This article first provides an overview of the technical, organisational, cross-organisational, and individual aspects of human reliability that are crucial in the modelling phase of radioactive waste management. Human aspects include variations in the selection of models, the definition of input parameters, and the interpretation of results as individual or group efforts. Based on a review of relevant guidelines on the topic (VDI 4006), suggestions are presented for dealing with these human factors at different levels. The approach is supported by a study on the importance of these factors, which was carried out in the context of the TRANSENS project conducted jointly by the University of Kassel and TU Clausthal. Overall, based on these considerations, the Assessment of Human Reliability in Concept phases (AHRIC) method is proposed to assess the negative effects of trust issues in the site selection work processes and to derive mitigating measures (Fritsch, 2025). The method applies to all work processes of the key actors.

1 Introduction

The search process for high-level radioactive waste in Germany is characterised by the selection and interpretation of criteria, geological assessments, data interpretation, and modelling of the effects of geological and technical barriers. Even though no operational mine exists and the disposal process has not yet begun, this process is nevertheless characterised by diverse human influences on the reliability of the sub-process. Examples of problems include:

• Decision-making processes and preferences, as well as the assessment of limitations of predictive models;

• Uncertainties in the use of predictive models used to define design criteria;

• Decision-making in reconciling scientific results with other (political or societal) constraints;

• Conceptualisation and design of disposal processes and facilities in a materials science and geological context;

• The prospective assessment of the impacts of the operational aspects of storage and disposal.
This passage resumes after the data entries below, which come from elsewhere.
Lemma cvg_sum (I : Type) (r : seq I) (P : pred I) (f : I -> T -> R) (l : I -> R) :
  (forall i, P i -> f i t @[t --> F] --> l i) ->
  \sum_(i <- r | P i) f i t @[t --> F] --> \sum_(i <- r | P i) l i.
Proof. by apply: cvg_big => //; exact: add_continuous. Qed.

Definition poly_cvg (p : T -> {poly R}) (p0 : {poly R}) :=
  forall k, (p t)`_k @[t --> F] --> p0`_k.

Lemma poly_cvg_cst p0 : poly_cvg (fun=> p0) p0.
Proof. by move=> k; exact: cvg_cst. Qed.

Lemma poly_cvgD p q p0 q0 : poly_cvg p p0 -> poly_cvg q q0 ->
  poly_cvg (fun t => p t + q t) (p0 + q0).
Proof.
by move=> Hp Hq k; under eq_fun do rewrite coefD; rewrite coefD; apply: cvgD.
Qed.

Lemma poly_cvgN p p0 : poly_cvg p p0 -> poly_cvg (fun t => - p t) (- p0).
Proof. by move=> Hp k; under eq_fun do rewrite coefN; rewrite coefN; apply: cvgN. Qed.

Lemma poly_cvgM p q p0 q0 : poly_cvg p p0 -> poly_cvg q q0 ->
  poly_cvg (fun t => p t * q t) (p0 * q0).
Proof.
move=> Hp Hq k; under eq_fun do rewrite coefM.
by rewrite coefM; apply: cvg_sum => j _; apply: cvgM.
Qed.

Lemma poly_cvgC (c : T -> R) (c0 : R) : c t @[t --> F] --> c0 ->
  poly_cvg (fun t => (c t)%:P) c0%:P.
Proof.
move=> Hc [|k]; under eq_fun do rewrite coefC /=; rewrite coefC //.
exact: cvg_cst.
Qed.

Lemma poly_cvg_mulXK p p0 : poly_cvg (fun t => 'X * p t) ('X * p0) -> poly_cvg p p0.
Proof.
by move=> HX k; have := HX k.+1; rewrite coefXM; under eq_fun do rewrite coefXM.
Qed.
(* Let $\ket{\varphi_0}=\xi_0\ket{00}+\xi_1\ket{01}+\xi_2\ket{10}+\xi_3\ket{11}$ be a 2-qubit state (unit vector in $\mathbb{C}^4$) and let $A=\begin{pmatrix}\xi_0&\xi_1\\\xi_2&\xi_3\end{pmatrix}$. (1) If $\det A=0$, let $(v_1,v_2)\neq(0,0)$ be a vector such that both columns of $A$ are multiples of $(v_1,v_2)$, let $K_1=U(\bar v_1,\bar v_2)$; then $(K_1\otimes I)\ket{\varphi_0}=\eta_0\ket{00}+\eta_1\ket{01}$ for some $\eta_0,\eta_1\in\mathbb{C}$, and with $K_2=U(\bar\eta_0,-\eta_1)^T$ we have $(K_1\otimes K_2)\ket{\varphi_0}=\ket{00}$. (2) If $\det A\neq 0$, let $W_1=R_1(A)^T$. Then $\det$ of the matrix associated to the state $cz\,(I\otimes W_1)\ket{\varphi_0}$ is zero, and if $K_1,K_2$ are the matrices constructed as in part (1) from the state $cz\,(I\otimes W_1)\ket{\varphi_0}$ in place of $\ket{\varphi_0}$, then $(K_1\otimes K_2)\,cz\,(I\otimes W_1)\ket{\varphi_0}=\ket{00}$.
   Context: For complex $(x,y)\neq(0,0)$, $U(x,y)=\frac{1}{\sqrt{|x|^2+|y|^2}}\begin{pmatrix}x&y\\-\bar y&\bar x\end{pmatrix}$. The matrix associated to a 2-qubit state $t_{00}\ket{00}+t_{01}\ket{01}+t_{10}\ket{10}+t_{11}\ket{11}$ is $\begin{pmatrix}t_{00}&t_{01}\\t_{10}&t_{11}\end{pmatrix}$. $cz=\mathrm{diag}(1,1,1,-1)$ in the basis $\ket{00},\ket{01},\ket{10},\ket{11}$, and $I$ is the $2\times2$ identity. For a nonsingular $A=\begin{pmatrix}a&b\\c&d\end{pmatrix}$, $R_1(A)=U(x,y)$ with $x=d-bk$, $y=\bar c-\bar a\bar k$, where, setting $\beta=a\bar c+b\bar d$, $k=\sqrt{(|c|^2+|d|^2)/(|a|^2+|b|^2)}$ if $\beta=0$ and $k=-\sqrt{(|c|^2+|d|^2)/(|\beta|^2(|a|^2+|b|^2))}\,\bar\beta$ if $\beta\neq0$. $M^T$ denotes the transpose of $M$. *)

(* Complex numbers: an arbitrary numClosedFieldType C
   (this includes R[i] for any real closed / real field R, in particular C = ℂ). *)
From HB Require Import structures.
From mathcomp Require Import all_boot all_order all_algebra.
From mathcomp Require Import mxtens.
Set Implicit Arguments. Unset Strict Implicit. Unset Printing Implicit Defensive.
Import Order.TTheory GRing.Theory Num.Theory.
Local Open Scope ring_scope.

Section Defs.
Variable C : numClosedFieldType.

(* Basis index of |a b>, a = first qubit (most significant), b = second qubit.
   mxtens_index (a,b) = 2*a + b, consistent with the Kronecker product tensmx. *)
Definition bidx (a b : 'I_2) : 'I_(2 * 2) := mxtens_index (a, b).

Definition q0 : 'I_2 := ord0.
Definition q1 : 'I_2 := ord_max.

Definition ket00 : 'cV[C]_(2 * 2) := delta_mx (bidx q0 q0) 0.
Definition ket01 : 'cV[C]_(2 * 2) := delta_mx (bidx q0 q1) 0.

Definition unit_state (phi : 'cV[C]_(2 * 2)) : Prop :=
  \sum_(k < 2 * 2) `|phi k 0| ^+ 2 = 1.

Definition state_mat (phi : 'cV[C]_(2 * 2)) : 'M[C]_2 :=
  \matrix_(a < 2, b < 2) phi (bidx a b) 0.

Definition Umat (x y : C) : 'M[C]_2 :=
  (sqrtC (`|x| ^+ 2 + `|y| ^+ 2))^-1 *:
  \matrix_(i < 2, j < 2)
     (if i == q0 then (if j == q0 then x else y)
      else (if j == q0 then - y^* else x^*)).

Definition R1 (A : 'M[C]_2) : 'M[C]_2 :=
  let a := A q0 q0 in let b := A q0 q1 in
  let c := A q1 q0 in let d := A q1 q1 in
  let beta := a * c^* + b * d^* in
  let k := if beta == 0
           then sqrtC ((`|c| ^+ 2 + `|d| ^+ 2) / (`|a| ^+ 2 + `|b| ^+ 2))
           else - sqrtC ((`|c| ^+ 2 + `|d| ^+ 2) /
                          (`|beta| ^+ 2 * (`|a| ^+ 2 + `|b| ^+ 2))) * beta^* in
  Umat (d - b * k) (c^* - a^* * k^*).

Definition cz : 'M[C]_(2 * 2) :=
  diag_mx (\row_(k < 2 * 2) (if k == bidx q1 q1 then -1 else 1)).

Definition cols_multiple (A : 'M[C]_2) (v1 v2 : C) : Prop :=
  forall j : 'I_2, exists s : C, A q0 j = s * v1 /\ A q1 j = s * v2.

Definition part1_conclusion (phi : 'cV[C]_(2 * 2)) : Prop :=
  forall v1 v2 : C, (v1, v2) != (0, 0) -> cols_multiple (state_mat phi) v1 v2 ->
  let K1 := Umat v1^* v2^* in
  (exists eta0 eta1 : C,
      (K1 *t (1%:M : 'M[C]_2)) *m phi = eta0 *: ket00 + eta1 *: ket01) /\
  (forall eta0 eta1 : C,
      (K1 *t (1%:M : 'M[C]_2)) *m phi = eta0 *: ket00 + eta1 *: ket01 ->
      let K2 := (Umat eta0^* (- eta1))^T in
      (K1 *t K2) *m phi = ket00).

End Defs.

Arguments cz {C}.
Arguments ket00 {C}.
Arguments ket01 {C}.

From HB Require Import structures.
From mathcomp Require Import all_boot all_order all_algebra.
From mathcomp Require Import mxtens sesquilinear spectral ring.
Set Implicit Arguments. Unset Strict Implicit. Unset Printing Implicit Defensive.
Import Order.TTheory GRing.Theory Num.Theory.
Local Open Scope ring_scope.
Local Open Scope sesquilinear_scope.

(** If [det A = 0], both columns of [A] are multiples of [v], so the unitary
    [K1 = U(conj v1, conj v2)] kills the second row of [K1 A]: the state becomes
    [eta0|00> + eta1|01>], still a unit vector, and [U(conj eta0, -eta1)] sends
    the row [(eta0, eta1)] to [(1, 0)].
    If [det A <> 0], the matrix of [(I ⊗ W1) phi0] is [A R1(A)] and [cz] negates
    its lower-right entry, so the new determinant is minus the permanent of
    [A U(x, y)] with [x = d - b k], [y = conj c - conj a conj k].  Expanding,
    this permanent is [det A] times
      [(|c|^2 + |d|^2 - |k|^2 (|a|^2 + |b|^2)) + (k beta - conj (k beta))]
    divided by [|x|^2 + |y|^2], and [k] is chosen exactly so that both
    brackets vanish.  As [cz] and [I ⊗ W1] are unitary, part (1) applies to the
    new state. *)


Section Unitary.
Variable C : numClosedFieldType.

Lemma unitarymx1 n : (1%:M : 'M[C]_n) \is unitarymx.
Proof. by apply/unitarymxP; rewrite trmx1 map_mx1 mulmx1. Qed.

Lemma tensmx1 m n : (1%:M : 'M[C]_m) *t (1%:M : 'M[C]_n) = 1%:M.
Proof.
apply/matrixP => i j.
case: (mxtens_indexP i) => i1 i2; case: (mxtens_indexP j) => j1 j2.
by rewrite tensmxE !mxE (can_eq (@mxtens_indexK _ _)) xpair_eqE -natrM mulnb.
Qed.

Lemma tensmx_unitary m n p q (A : 'M[C]_(m, n)) (B : 'M[C]_(p, q)) :
  A \is unitarymx -> B \is unitarymx -> A *t B \is unitarymx.
Proof.
move=> /unitarymxP uA /unitarymxP uB; apply/unitarymxP.
by rewrite trmx_tens map_mxT tensmx_mul uA uB tensmx1.
Qed.

Lemma diag_mx_unitary n (d : 'rV[C]_n) :
  (forall i, `|d 0 i| = 1) -> diag_mx d \is unitarymx.
Proof.
move=> d1; apply/unitarymxP; rewrite tr_diag_mx map_diag_mx mul_diag_mx.
apply/matrixP => i j; rewrite !mxE.
by case: eqVneq => [->|_]; rewrite ?mulr0n ?mulr0 // !mulr1n -normCK d1 expr1n.
Qed.

End Unitary.

Section TwoByTwo.
Variable C : numClosedFieldType.

Definition mx2 (a b c d : C) : 'M[C]_2 :=
  \matrix_(i, j) if i == q0 then (if j == q0 then a else b)
                 else (if j == q0 then c else d).

Lemma ord2_cases (i : 'I_2) : i = q0 \/ i = q1.
Proof. by case: i => [[|[|]]] // ?; [left|right]; apply: val_inj. Qed.

Lemma sum_ord2 (F : 'I_2 -> C) : \sum_(i < 2) F i = F q0 + F q1.
Proof. by rewrite big_ord_recl big_ord1; congr (_ + F _); apply: val_inj. Qed.

Lemma mx2E (M : 'M[C]_2) : M = mx2 (M q0 q0) (M q0 q1) (M q1 q0) (M q1 q1).
Proof.
by apply/matrixP => i j; rewrite mxE; case: (ord2_cases i) => ->; case: (ord2_cases j) => ->.
Qed.

Lemma mulmx2 a b c d a' b' c' d' :
  mx2 a b c d *m mx2 a' b' c' d' =
  mx2 (a * a' + b * c') (a * b' + b * d') (c * a' + d * c') (c * b' + d * d').
Proof.
apply/matrixP => i j; rewrite !mxE sum_ord2 !mxE.
by case: (ord2_cases i) => ->; case: (ord2_cases j) => ->.
Qed.

Lemma scalemx2 k a b c d : k *: mx2 a b c d = mx2 (k * a) (k * b) (k * c) (k * d).
Proof.
by apply/matrixP => i j; rewrite !mxE; case: (ord2_cases i) => ->; case: (ord2_cases j) => ->.
Qed.

Lemma trmxC2 a b c d : (mx2 a b c d)^t* = mx2 a^* c^* b^* d^*.
Proof.
by apply/matrixP => i j; rewrite !mxE; case: (ord2_cases i) => ->; case: (ord2_cases j) => ->.
Qed.

Lemma mx2_1 : 1%:M = mx2 1 0 0 1.
Proof.
by apply/matrixP => i j; rewrite !mxE; case: (ord2_cases i) => ->; case: (ord2_cases j) => ->.
Qed.

Lemma det_mx22 (M : 'M[C]_2) : \det M = M q0 q0 * M q1 q1 - M q0 q1 * M q1 q0.
Proof.
rewrite (expand_det_row _ q0) sum_ord2 /cofactor !det_mx11 !mxE.
have -> : lift q0 ord0 = q1 by apply: val_inj.
have -> : lift q1 ord0 = q0 by apply: val_inj.
by rewrite /= expr0 expr1; ring.
Qed.

Lemma UmatE (x y : C) :
  Umat x y = (sqrtC (`|x| ^+ 2 + `|y| ^+ 2))^-1 *: mx2 x y (- y^*) x^*.
Proof. by []. Qed.

Lemma Umat_unitary (x y : C) : (x, y) != (0, 0) -> Umat x y \is unitarymx.
Proof.
move=> xy0; apply/unitarymxP; rewrite UmatE scalemx2 trmxC2 mulmx2 mx2_1.
set r := sqrtC _.
have r_neq0 : r != 0.
  rewrite sqrtC_eq0 paddr_eq0 ?exprn_ge0 // !expf_eq0 /= !normr_eq0.
  by rewrite -xpair_eqE.
have rV : (r^-1)^* = r^-1.
  by rewrite fmorphV /= geC0_conj // sqrtC_ge0 addr_ge0 ?exprn_ge0.
rewrite !rmorphM !rmorphN /= !conjCK rV.
have r2V : r^-1 * r^-1 * (x * x^* + y * y^*) = 1.
  by rewrite -!normCK -(sqrtCK (_ + _)) -/r -expr2 -exprMn mulVf ?expr1n.
by congr mx2; rewrite -?r2V; ring.
Qed.

End TwoByTwo.

Section TwoQubitStates.
Variable C : numClosedFieldType.
Implicit Types phi : 'cV[C]_(2 * 2).

Lemma sum_bidx (F : 'I_(2 * 2) -> C) :
  \sum_k F k = \sum_(i < 2) \sum_(j < 2) F (bidx i j).
Proof.
rewrite pair_big /=; apply: (reindex (fun ij => bidx ij.1 ij.2)) => /=.
exists (@mxtens_unindex 2 2) => [[i j] _|k _]; rewrite /bidx.
  by rewrite mxtens_indexK.
by rewrite -surjective_pairing mxtens_unindexK.
Qed.

Lemma state_mat_inj : injective (@state_mat C).
Proof.
move=> phi psi /matrixP eq_mat; apply/matrixP => k j; rewrite [j]ord1.
by case: (mxtens_indexP k) => a b; have := eq_mat a b; rewrite !mxE.
Qed.

Lemma state_mat_tens (K L : 'M[C]_2) phi :
  state_mat ((K *t L) *m phi) = K *m state_mat phi *m L^T.
Proof.
apply/matrixP => a b; rewrite !mxE sum_bidx.
under [RHS]eq_bigr do rewrite !mxE big_distrl /=.
rewrite [RHS]exchange_big /=; apply: eq_bigr => i _; apply: eq_bigr => j _.
by rewrite /bidx tensmxE !mxE mulrAC.
Qed.

Lemma state_mat_ket0 (eta0 eta1 : C) :
  state_mat (eta0 *: ket00 + eta1 *: ket01) = mx2 eta0 eta1 0 0.
Proof.
apply/matrixP => i j; rewrite !mxE (can_eq (@mxtens_indexK _ _)) /=.
by case: (ord2_cases i) => ->; case: (ord2_cases j) => ->; rewrite /= ?mulr1 ?mulr0 ?addr0 ?add0r.
Qed.

Lemma state_mat_ket00 : state_mat (@ket00 C) = mx2 1 0 0 0.
Proof. by rewrite -(state_mat_ket0 1 0) scale1r scale0r addr0. Qed.

Lemma unit_stateE phi :
  unit_state phi = (\sum_(i < 2) \sum_(j < 2) `|state_mat phi i j| ^+ 2 = 1).
Proof.
by rewrite /unit_state sum_bidx; under [in RHS]eq_bigr do under eq_bigr do rewrite mxE.
Qed.

Lemma unit_state_unitary phi : unit_state phi <-> phi^T \is unitarymx.
Proof.
have normE : phi^T *m phi^T^t* = (\sum_k `|phi k 0| ^+ 2)%:M.
  by apply/matrixP => i j; rewrite !ord1 !mxE; apply: eq_bigr => k _; rewrite !mxE normCK.
split => [phi1|/unitarymxP]; first by apply/unitarymxP; rewrite normE phi1.
by rewrite normE => /matrixP/(_ 0 0); rewrite !mxE.
Qed.

Lemma unit_state_mulmx (U : 'M[C]_(2 * 2)) phi :
  U \is unitarymx -> unit_state phi -> unit_state (U *m phi).
Proof.
rewrite !unit_state_unitary trmx_mul -trmx_unitary => uU uphi.
exact: mul_unitarymx.
Qed.

Lemma unit_state_ket0 (eta0 eta1 : C) :
  unit_state (eta0 *: ket00 + eta1 *: ket01) -> `|eta0| ^+ 2 + `|eta1| ^+ 2 = 1.
Proof.
by rewrite unit_stateE state_mat_ket0 !sum_ord2 !mxE /= normr0 expr0n /= !addr0.
Qed.

Definition czmx (M : 'M[C]_2) : 'M[C]_2 :=
  mx2 (M q0 q0) (M q0 q1) (M q1 q0) (- M q1 q1).

Lemma state_mat_cz phi : state_mat (cz *m phi) = czmx (state_mat phi).
Proof.
rewrite [in RHS]/czmx [LHS]mx2E /cz mul_diag_mx !mxE /=.
by rewrite !mulN1r !mul1r.
Qed.

Lemma cz_unitary : @cz C \is unitarymx.
Proof.
by apply: diag_mx_unitary => i; rewrite mxE; case: ifP; rewrite ?normrN normr1.
Qed.

End TwoQubitStates.

Lemma unit_state_part1_conclusion (C : numClosedFieldType) (phi : 'cV[C]_(2 * 2)) :
  unit_state phi -> part1_conclusion phi.
Proof.
move=> phi1 v1 v2 v_neq0 v_cols K1.
set I2 : 'M[C]_2 := 1%:M.
have K1_unitary : K1 *t I2 \is unitarymx.
  apply: tensmx_unitary (unitarymx1 _ _); apply: Umat_unitary.
  by rewrite xpair_eqE !conjC_eq0 -xpair_eqE.
have K1phiE : state_mat ((K1 *t I2) *m phi) = K1 *m state_mat phi.
  by rewrite state_mat_tens trmx1 mulmx1.
have K1phi_row1 j : (K1 *m state_mat phi) q1 j = 0.
  rewrite mxE sum_ord2; have [s [-> ->]] := v_cols j.
  by rewrite /K1 UmatE !mxE /= !conjCK; ring.
split.
  exists ((K1 *m state_mat phi) q0 q0), ((K1 *m state_mat phi) q0 q1).
  apply: state_mat_inj; rewrite state_mat_ket0 K1phiE [LHS]mx2E.
  by rewrite !K1phi_row1.
move=> eta0 eta1 K1phi K2.
have /unit_state_ket0 eta_norm : unit_state (eta0 *: ket00 + eta1 *: ket01).
  by rewrite -K1phi; apply: unit_state_mulmx.
have -> : K1 *t K2 = (I2 *t K2) *m (K1 *t I2) by rewrite tensmx_mul mul1mx mulmx1.
apply: state_mat_inj; rewrite -mulmxA K1phi state_mat_tens state_mat_ket0 state_mat_ket00.
rewrite mul1mx /K2 trmxK UmatE normrN norm_conjC eta_norm sqrtC1 invr1 scale1r.
rewrite mulmx2 rmorphN /= !conjCK; congr mx2; [|ring..].
by rewrite -eta_norm !normCK; ring.
Qed.

Section R1Coefficient.
Variables (C : numClosedFieldType) (A : 'M[C]_2).
Local Notation a := (A q0 q0).
Local Notation b := (A q0 q1).
Local Notation c := (A q1 q0).
Local Notation d := (A q1 q1).
Local Notation beta := (a * c^* + b * d^*).

Definition R1_coef : C :=
  if beta == 0
  then sqrtC ((`|c| ^+ 2 + `|d| ^+ 2) / (`|a| ^+ 2 + `|b| ^+ 2))
  else - sqrtC ((`|c| ^+ 2 + `|d| ^+ 2) /
                 (`|beta| ^+ 2 * (`|a| ^+ 2 + `|b| ^+ 2))) * beta^*.
Local Notation k := R1_coef.

Lemma R1E : R1 A = Umat (d - b * k) (c^* - a^* * k^*).
Proof. by []. Qed.

Lemma R1_coef_real : (k * beta)^* = k * beta.
Proof.
rewrite /R1_coef; case: (eqVneq beta 0) => [->|_]; first by rewrite mulr0 conjC0.
set t := sqrtC _; set beta := _ + _.
have t_ge0 : 0 <= t by rewrite sqrtC_ge0 divr_ge0 ?mulr_ge0 ?addr_ge0 ?exprn_ge0.
rewrite -mulrA mulNr (mulrC beta^*) -normCK rmorphN rmorphM /=.
by rewrite !geC0_conj ?exprn_ge0.
Qed.

Lemma R1_coef_norm : `|a| ^+ 2 + `|b| ^+ 2 != 0 ->
  `|k| ^+ 2 * (`|a| ^+ 2 + `|b| ^+ 2) = `|c| ^+ 2 + `|d| ^+ 2.
Proof.
move=> ab_neq0; rewrite /R1_coef; case: (eqVneq beta 0) => [_|beta_neq0].
  by rewrite ger0_norm ?sqrtC_ge0 ?sqrtCK ?divfK // divr_ge0 ?addr_ge0 ?exprn_ge0.
rewrite normrM normrN norm_conjC exprMn ger0_norm ?sqrtC_ge0; last first.
  by rewrite divr_ge0 ?mulr_ge0 ?addr_ge0 ?exprn_ge0.
by rewrite sqrtCK -mulrA divfK // mulf_neq0 // expf_neq0 // normr_eq0.
Qed.

Lemma R1_unitary : \det A != 0 -> R1 A \is unitarymx.
Proof.
move=> detA; rewrite R1E; apply: Umat_unitary; apply: contra detA.
rewrite xpair_eqE !subr_eq0 => /andP[/eqP dE /eqP/(congr1 Num.conj)].
rewrite rmorphM /= !conjCK => cE.
by rewrite det_mx22 dE cE; apply/eqP; ring.
Qed.

Lemma det_czmx_R1 : \det (czmx (A *m R1 A)) = 0.
Proof.
have detA_Z : \det A * (c * c^* + d * d^* - k * k^* * (a * a^* + b * b^*)
                       + (k * beta - k^* * (a^* * c + b^* * d))) = 0.
  have [ab_eq0|ab_neq0] := eqVneq (`|a| ^+ 2 + `|b| ^+ 2) 0.
    move/eqP: ab_eq0; rewrite paddr_eq0 ?exprn_ge0 // !expf_eq0 /= !normr_eq0.
    by case/andP => /eqP a0 /eqP b0; rewrite det_mx22 a0 b0; ring.
  have := R1_coef_norm ab_neq0; have := R1_coef_real.
  rewrite !normCK !(rmorphD, rmorphM) /= !conjCK => -> ->.
  by rewrite !subrr addr0 mulr0.
rewrite R1E UmatE /czmx det_mx22 !mxE !sum_ord2 !mxE /=.
rewrite !(rmorphB, rmorphN, rmorphM) /= !conjCK; set r := sqrtC _.
by rewrite -(mulr0 (- r^-1 ^+ 2)) -{}detA_Z det_mx22; ring.
Qed.

End R1Coefficient.

Theorem mainTheorem4 (C : numClosedFieldType) (phi0 : 'cV[C]_(2 * 2)) :
  unit_state phi0 ->
  (\det (state_mat phi0) = 0 -> part1_conclusion phi0) /\
  (\det (state_mat phi0) != 0 ->
     let W1 := (R1 (state_mat phi0))^T in
     let psi := cz *m ((1%:M : 'M[C]_2) *t W1) *m phi0 in
     \det (state_mat psi) = 0 /\ part1_conclusion psi).
Proof.
move=> phi0_unit; split=> [_|detA W1 psi]; first exact: unit_state_part1_conclusion.
have W1_unitary : W1 \is unitarymx by rewrite trmx_unitary R1_unitary.
split.
  by rewrite /psi -mulmxA state_mat_cz state_mat_tens mul1mx trmxK det_czmx_R1.
apply: unit_state_part1_conclusion; rewrite /psi -mulmxA.
apply: unit_state_mulmx; first exact: cz_unitary.
by apply: unit_state_mulmx; rewrite // tensmx_unitary ?unitarymx1.
Qed.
Operational procedures for assessing human reliability require defined operational conditions (contexts) to estimate the safety impact. These conditions are evaluated based on the specification of activities (work as planned) and the implementation of activities in the real environment (work as done). VDI 4006 (2025a, b, c) defines work as planned as task-oriented behaviour and work as done as goal-oriented behaviour. In the latter case, in addition to the specified activity, requirements from the real environment lead to the need to balance different goals in the work context.

During the search process, the emplacement processes are not yet as precisely specified as would be necessary for an assessment using operational procedures. Nevertheless, the influences of this search and planning phase are crucial and determine essential safety-related properties of the repository.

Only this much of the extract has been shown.